*** Exercise data Section Begins ***

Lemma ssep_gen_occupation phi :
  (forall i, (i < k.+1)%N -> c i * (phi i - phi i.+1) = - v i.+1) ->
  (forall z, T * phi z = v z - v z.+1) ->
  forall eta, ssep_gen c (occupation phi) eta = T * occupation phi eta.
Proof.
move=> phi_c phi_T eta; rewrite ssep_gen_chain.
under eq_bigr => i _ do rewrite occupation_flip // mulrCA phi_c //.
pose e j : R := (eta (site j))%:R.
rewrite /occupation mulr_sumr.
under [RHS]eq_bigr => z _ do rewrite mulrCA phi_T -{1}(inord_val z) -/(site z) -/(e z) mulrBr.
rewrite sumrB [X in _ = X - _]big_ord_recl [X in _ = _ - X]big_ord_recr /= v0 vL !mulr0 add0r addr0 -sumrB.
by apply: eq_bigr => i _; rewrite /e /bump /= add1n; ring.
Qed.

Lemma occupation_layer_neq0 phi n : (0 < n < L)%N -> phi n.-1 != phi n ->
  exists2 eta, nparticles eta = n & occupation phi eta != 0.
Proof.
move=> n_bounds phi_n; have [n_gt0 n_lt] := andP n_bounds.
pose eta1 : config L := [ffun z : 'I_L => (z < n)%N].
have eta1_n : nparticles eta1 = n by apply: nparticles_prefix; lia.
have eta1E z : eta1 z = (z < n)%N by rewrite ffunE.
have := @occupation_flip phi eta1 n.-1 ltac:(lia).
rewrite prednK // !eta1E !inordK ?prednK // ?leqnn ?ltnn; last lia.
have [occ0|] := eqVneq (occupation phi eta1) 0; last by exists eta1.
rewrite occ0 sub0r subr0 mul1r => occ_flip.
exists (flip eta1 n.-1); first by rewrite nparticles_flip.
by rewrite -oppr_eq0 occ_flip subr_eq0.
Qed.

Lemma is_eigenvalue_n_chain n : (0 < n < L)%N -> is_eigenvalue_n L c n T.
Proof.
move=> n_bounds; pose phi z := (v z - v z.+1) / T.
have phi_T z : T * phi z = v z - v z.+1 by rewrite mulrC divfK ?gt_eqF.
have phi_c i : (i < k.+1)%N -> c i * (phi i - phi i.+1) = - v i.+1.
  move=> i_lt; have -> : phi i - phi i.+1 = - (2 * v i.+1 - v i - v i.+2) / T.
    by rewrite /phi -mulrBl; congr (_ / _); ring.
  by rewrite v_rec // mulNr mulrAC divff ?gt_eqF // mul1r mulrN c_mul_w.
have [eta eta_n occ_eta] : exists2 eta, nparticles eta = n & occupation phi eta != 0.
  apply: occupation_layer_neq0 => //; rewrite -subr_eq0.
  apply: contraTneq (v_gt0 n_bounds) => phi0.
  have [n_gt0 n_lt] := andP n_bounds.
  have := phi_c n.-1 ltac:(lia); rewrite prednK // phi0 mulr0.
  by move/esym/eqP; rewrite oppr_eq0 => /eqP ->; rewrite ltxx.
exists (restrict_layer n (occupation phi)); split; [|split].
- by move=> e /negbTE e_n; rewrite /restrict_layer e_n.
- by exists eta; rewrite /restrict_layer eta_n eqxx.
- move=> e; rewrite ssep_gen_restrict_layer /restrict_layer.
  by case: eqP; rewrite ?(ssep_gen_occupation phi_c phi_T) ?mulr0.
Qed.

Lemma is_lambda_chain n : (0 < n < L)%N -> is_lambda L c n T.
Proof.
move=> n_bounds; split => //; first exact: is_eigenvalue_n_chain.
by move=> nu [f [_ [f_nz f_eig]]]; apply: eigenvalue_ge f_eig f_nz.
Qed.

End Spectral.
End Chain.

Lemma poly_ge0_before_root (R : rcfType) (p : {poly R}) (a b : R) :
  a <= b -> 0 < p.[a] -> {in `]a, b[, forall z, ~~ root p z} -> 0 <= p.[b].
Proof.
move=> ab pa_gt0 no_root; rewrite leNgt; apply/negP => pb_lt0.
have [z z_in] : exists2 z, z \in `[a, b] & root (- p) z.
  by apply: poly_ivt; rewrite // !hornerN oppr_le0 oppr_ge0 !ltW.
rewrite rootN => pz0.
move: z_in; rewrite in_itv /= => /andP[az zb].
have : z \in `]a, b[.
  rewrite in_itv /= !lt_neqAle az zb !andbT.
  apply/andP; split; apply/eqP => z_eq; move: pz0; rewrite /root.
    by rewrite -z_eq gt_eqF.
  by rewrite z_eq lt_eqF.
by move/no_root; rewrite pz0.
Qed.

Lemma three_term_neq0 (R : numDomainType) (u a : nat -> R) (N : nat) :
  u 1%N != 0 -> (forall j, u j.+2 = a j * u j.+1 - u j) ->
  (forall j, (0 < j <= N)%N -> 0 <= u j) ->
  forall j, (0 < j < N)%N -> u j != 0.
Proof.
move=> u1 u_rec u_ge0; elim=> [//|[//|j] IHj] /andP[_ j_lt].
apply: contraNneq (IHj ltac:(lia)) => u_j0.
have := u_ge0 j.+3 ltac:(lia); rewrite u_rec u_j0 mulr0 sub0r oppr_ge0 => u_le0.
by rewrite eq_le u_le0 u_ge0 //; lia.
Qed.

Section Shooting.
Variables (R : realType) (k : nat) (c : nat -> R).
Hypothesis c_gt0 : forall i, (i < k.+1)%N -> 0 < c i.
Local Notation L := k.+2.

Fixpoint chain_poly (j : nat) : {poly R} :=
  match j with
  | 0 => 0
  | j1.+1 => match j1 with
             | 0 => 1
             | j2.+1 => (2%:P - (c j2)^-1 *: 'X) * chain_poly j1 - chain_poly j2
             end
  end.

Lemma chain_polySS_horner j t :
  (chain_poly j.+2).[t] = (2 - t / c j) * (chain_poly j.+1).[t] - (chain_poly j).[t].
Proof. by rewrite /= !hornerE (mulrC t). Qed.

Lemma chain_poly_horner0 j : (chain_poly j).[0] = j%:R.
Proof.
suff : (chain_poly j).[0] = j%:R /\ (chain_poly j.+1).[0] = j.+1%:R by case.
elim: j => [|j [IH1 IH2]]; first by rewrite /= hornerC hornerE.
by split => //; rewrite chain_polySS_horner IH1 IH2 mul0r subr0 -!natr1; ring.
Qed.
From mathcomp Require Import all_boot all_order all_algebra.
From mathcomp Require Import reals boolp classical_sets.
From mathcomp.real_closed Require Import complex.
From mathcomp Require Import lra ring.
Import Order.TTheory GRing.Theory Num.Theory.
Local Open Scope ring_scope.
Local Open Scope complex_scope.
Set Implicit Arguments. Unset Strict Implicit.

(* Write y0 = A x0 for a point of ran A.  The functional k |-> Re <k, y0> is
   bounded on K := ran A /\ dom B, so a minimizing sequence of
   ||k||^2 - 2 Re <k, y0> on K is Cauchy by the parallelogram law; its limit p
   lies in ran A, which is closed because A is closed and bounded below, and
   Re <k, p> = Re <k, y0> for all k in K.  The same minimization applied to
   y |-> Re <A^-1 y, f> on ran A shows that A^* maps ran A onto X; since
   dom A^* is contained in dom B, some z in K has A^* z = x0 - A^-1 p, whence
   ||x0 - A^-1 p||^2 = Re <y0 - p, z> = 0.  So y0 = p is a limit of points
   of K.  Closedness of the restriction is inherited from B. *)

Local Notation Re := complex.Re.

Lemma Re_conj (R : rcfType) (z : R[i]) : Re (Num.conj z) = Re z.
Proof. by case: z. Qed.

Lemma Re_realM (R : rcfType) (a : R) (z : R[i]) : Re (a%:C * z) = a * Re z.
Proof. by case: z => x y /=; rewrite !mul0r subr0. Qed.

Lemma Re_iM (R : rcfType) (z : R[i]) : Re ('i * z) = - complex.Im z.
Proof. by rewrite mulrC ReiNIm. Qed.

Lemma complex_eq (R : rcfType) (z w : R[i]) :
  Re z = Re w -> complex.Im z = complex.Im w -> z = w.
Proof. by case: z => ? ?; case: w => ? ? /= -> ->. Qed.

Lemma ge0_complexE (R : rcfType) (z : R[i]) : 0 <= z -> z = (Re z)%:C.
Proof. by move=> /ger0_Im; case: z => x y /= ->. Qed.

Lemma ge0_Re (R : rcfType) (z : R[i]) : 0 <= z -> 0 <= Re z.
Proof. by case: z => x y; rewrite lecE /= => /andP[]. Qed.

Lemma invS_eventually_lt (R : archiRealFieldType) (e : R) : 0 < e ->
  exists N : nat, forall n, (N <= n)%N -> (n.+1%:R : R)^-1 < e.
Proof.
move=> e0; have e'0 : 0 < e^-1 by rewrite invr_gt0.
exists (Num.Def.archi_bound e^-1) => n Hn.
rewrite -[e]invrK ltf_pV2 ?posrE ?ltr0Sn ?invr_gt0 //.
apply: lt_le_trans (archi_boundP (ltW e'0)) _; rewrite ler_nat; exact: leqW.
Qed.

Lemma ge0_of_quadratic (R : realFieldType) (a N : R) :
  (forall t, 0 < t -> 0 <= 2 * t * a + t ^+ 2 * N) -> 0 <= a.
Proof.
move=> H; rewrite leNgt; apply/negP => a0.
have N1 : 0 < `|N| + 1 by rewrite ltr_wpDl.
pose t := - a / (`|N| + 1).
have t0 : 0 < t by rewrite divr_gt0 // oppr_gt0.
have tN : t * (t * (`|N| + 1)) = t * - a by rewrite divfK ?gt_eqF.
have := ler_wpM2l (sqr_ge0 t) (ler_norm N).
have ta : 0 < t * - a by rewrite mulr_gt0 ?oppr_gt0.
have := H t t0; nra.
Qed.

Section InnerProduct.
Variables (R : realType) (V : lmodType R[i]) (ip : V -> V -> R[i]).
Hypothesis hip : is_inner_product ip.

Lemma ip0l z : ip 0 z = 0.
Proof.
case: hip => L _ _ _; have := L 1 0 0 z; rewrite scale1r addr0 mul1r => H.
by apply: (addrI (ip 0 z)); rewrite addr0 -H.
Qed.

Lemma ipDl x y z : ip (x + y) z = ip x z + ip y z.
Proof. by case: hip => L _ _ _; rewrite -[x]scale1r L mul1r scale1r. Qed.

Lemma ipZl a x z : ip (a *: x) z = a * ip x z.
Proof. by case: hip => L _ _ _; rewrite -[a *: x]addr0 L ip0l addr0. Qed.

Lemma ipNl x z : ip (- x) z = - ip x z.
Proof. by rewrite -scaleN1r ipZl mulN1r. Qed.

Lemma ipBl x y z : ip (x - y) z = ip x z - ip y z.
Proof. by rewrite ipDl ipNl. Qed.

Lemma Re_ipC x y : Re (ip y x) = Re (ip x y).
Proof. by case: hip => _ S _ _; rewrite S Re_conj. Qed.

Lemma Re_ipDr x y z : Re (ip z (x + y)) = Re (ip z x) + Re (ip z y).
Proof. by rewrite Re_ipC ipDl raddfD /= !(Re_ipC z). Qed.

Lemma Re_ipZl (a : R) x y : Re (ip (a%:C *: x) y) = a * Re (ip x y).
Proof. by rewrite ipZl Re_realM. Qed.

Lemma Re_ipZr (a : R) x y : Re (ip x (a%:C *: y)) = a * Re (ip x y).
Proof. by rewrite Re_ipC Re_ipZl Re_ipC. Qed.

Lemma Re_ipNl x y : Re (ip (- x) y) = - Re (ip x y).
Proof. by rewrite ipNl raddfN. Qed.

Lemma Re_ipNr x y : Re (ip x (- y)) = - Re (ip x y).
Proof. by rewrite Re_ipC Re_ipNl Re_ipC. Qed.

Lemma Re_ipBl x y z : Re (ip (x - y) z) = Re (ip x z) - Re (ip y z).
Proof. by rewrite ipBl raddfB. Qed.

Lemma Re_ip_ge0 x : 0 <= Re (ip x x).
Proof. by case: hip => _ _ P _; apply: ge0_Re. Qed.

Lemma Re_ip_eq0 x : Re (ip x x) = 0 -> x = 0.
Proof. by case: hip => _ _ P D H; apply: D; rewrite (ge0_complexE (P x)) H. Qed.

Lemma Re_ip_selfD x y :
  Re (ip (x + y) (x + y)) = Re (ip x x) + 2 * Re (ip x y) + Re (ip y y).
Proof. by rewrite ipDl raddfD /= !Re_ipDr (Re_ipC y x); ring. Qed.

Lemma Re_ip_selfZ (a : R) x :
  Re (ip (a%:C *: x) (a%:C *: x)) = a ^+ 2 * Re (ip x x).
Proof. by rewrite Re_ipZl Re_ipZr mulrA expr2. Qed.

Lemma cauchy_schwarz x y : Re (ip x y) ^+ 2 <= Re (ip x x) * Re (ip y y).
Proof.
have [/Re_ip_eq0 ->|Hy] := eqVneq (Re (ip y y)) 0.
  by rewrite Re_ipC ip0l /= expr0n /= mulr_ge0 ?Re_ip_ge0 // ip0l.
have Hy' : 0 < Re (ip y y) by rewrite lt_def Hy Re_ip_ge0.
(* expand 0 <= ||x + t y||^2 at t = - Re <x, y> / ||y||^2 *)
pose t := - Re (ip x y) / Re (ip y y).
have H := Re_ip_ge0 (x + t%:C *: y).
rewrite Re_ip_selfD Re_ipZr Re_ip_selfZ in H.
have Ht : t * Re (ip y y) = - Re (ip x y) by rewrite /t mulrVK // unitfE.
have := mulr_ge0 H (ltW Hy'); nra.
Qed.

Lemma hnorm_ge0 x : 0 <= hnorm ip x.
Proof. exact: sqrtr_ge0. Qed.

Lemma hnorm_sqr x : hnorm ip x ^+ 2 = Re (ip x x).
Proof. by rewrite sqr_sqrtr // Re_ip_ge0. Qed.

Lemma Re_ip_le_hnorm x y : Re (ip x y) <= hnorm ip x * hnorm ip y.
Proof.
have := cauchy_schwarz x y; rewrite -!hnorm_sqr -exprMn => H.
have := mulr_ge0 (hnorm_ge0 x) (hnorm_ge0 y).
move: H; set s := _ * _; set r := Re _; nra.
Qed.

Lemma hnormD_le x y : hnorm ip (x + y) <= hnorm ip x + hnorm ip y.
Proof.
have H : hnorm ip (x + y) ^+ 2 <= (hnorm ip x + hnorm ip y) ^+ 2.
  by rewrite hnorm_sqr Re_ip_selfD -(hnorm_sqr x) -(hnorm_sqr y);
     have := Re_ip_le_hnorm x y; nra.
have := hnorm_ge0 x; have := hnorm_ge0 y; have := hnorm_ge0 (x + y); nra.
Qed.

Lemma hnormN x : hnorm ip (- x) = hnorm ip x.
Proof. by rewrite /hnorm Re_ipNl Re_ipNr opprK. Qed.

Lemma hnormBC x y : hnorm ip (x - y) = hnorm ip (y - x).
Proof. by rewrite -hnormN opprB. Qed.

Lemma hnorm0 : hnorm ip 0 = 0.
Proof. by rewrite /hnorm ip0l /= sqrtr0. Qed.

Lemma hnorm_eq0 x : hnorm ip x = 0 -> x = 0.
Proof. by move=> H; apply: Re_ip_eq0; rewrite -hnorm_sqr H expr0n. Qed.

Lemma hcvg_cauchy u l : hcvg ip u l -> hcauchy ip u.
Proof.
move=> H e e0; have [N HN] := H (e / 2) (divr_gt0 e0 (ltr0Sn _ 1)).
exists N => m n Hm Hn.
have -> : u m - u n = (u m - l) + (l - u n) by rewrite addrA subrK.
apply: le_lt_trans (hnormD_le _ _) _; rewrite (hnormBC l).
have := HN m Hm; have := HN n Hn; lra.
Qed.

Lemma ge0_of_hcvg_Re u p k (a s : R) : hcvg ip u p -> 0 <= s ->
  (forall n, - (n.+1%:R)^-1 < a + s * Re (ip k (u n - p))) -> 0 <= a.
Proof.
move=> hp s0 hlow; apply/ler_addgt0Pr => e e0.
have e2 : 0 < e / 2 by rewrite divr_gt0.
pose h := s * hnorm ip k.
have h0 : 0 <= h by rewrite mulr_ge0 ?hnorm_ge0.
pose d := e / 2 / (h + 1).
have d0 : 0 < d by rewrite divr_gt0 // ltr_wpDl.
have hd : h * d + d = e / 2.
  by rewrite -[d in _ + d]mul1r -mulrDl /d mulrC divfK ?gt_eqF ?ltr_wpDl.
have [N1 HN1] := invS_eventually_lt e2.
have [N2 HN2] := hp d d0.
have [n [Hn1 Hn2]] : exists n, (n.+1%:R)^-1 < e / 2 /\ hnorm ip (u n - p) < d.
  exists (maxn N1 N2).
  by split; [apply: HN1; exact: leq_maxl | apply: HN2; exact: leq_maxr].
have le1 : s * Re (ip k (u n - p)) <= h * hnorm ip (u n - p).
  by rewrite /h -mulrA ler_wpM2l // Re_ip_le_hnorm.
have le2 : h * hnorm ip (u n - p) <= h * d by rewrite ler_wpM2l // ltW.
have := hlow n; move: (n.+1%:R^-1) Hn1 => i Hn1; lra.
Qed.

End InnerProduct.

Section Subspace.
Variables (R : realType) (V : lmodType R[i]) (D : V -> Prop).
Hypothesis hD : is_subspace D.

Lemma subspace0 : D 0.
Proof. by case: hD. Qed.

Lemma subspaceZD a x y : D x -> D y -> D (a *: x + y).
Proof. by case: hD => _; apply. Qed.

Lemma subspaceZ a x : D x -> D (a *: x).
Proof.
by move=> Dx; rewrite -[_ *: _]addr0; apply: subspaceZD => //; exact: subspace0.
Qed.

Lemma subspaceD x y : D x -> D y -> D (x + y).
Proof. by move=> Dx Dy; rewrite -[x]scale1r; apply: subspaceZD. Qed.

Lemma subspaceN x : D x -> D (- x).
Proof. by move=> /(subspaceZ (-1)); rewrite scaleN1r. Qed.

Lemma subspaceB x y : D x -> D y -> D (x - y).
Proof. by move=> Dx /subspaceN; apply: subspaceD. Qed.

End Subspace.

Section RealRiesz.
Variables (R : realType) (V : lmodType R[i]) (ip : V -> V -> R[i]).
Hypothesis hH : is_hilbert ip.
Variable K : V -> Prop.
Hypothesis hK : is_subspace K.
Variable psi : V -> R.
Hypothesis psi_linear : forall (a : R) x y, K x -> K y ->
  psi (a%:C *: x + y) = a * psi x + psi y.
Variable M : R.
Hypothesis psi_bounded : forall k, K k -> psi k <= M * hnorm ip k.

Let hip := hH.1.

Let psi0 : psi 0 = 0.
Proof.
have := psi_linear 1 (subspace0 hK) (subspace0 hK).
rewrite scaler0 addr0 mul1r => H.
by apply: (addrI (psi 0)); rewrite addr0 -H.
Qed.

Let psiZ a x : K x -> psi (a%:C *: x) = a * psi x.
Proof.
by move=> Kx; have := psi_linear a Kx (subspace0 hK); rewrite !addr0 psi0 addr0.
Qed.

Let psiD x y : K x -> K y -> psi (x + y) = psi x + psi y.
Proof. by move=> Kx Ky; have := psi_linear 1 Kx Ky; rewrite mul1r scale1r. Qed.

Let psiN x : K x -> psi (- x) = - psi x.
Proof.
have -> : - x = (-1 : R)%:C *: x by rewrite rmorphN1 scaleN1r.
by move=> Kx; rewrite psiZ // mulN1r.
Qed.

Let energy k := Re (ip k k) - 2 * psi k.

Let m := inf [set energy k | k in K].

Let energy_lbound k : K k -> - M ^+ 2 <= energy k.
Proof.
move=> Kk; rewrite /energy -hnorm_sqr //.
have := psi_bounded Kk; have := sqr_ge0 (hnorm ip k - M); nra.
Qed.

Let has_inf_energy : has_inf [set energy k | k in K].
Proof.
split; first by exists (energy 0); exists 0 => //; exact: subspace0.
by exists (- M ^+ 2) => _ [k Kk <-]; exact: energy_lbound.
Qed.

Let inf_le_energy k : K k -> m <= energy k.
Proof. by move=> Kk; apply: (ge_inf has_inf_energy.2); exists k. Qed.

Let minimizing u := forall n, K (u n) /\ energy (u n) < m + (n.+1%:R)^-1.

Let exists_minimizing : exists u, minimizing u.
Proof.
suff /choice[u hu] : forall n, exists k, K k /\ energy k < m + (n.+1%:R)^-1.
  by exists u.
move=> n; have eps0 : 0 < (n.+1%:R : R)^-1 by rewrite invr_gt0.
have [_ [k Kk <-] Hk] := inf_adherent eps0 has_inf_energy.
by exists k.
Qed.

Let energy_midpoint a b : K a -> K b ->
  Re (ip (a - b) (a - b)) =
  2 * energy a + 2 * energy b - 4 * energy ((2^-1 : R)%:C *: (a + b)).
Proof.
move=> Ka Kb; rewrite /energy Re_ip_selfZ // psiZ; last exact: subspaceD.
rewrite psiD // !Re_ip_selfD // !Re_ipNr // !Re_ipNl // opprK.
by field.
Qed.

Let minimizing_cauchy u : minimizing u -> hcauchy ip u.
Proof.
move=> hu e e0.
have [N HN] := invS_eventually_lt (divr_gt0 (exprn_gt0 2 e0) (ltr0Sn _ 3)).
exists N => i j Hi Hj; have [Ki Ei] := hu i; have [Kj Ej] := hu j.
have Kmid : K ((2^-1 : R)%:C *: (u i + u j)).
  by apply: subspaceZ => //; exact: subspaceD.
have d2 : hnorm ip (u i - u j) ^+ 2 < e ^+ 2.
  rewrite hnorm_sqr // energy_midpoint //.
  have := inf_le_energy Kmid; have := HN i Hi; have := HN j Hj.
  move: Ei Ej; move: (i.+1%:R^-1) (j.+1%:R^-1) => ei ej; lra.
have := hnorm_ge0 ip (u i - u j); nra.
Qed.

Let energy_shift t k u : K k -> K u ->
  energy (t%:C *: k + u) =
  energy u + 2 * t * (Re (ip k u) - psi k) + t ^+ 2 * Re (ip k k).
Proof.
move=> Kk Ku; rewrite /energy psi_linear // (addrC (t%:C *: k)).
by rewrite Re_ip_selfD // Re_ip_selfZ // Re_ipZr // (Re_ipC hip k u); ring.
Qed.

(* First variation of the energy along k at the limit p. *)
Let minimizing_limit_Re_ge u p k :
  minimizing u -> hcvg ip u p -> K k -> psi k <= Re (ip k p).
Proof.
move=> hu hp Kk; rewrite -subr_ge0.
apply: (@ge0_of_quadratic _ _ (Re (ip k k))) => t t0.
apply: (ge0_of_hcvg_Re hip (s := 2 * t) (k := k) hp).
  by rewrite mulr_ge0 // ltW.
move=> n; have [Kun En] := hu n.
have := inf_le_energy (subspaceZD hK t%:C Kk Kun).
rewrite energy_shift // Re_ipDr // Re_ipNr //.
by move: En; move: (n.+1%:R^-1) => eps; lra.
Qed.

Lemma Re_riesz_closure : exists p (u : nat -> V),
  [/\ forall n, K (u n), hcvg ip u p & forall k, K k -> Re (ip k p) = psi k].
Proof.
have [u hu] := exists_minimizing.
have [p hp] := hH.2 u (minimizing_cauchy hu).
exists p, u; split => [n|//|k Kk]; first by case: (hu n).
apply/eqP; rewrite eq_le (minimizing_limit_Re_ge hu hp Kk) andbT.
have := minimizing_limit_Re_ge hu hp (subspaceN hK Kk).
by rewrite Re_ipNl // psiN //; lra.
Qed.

*** Exercise data Section Ends ***

Would you set down, word for word, the lines from the opening of the entries above through the line with "Lemma occupation_layer_neq0 phi", both included, and no others?

Lemma ssep_gen_occupation phi :
  (forall i, (i < k.+1)%N -> c i * (phi i - phi i.+1) = - v i.+1) ->
  (forall z, T * phi z = v z - v z.+1) ->
  forall eta, ssep_gen c (occupation phi) eta = T * occupation phi eta.
Proof.
move=> phi_c phi_T eta; rewrite ssep_gen_chain.
under eq_bigr => i _ do rewrite occupation_flip // mulrCA phi_c //.
pose e j : R := (eta (site j))%:R.
rewrite /occupation mulr_sumr.
under [RHS]eq_bigr => z _ do rewrite mulrCA phi_T -{1}(inord_val z) -/(site z) -/(e z) mulrBr.
rewrite sumrB [X in _ = X - _]big_ord_recl [X in _ = _ - X]big_ord_recr /= v0 vL !mulr0 add0r addr0 -sumrB.
by apply: eq_bigr => i _; rewrite /e /bump /= add1n; ring.
Qed.

Lemma occupation_layer_neq0 phi n : (0 < n < L)%N -> phi n.-1 != phi n ->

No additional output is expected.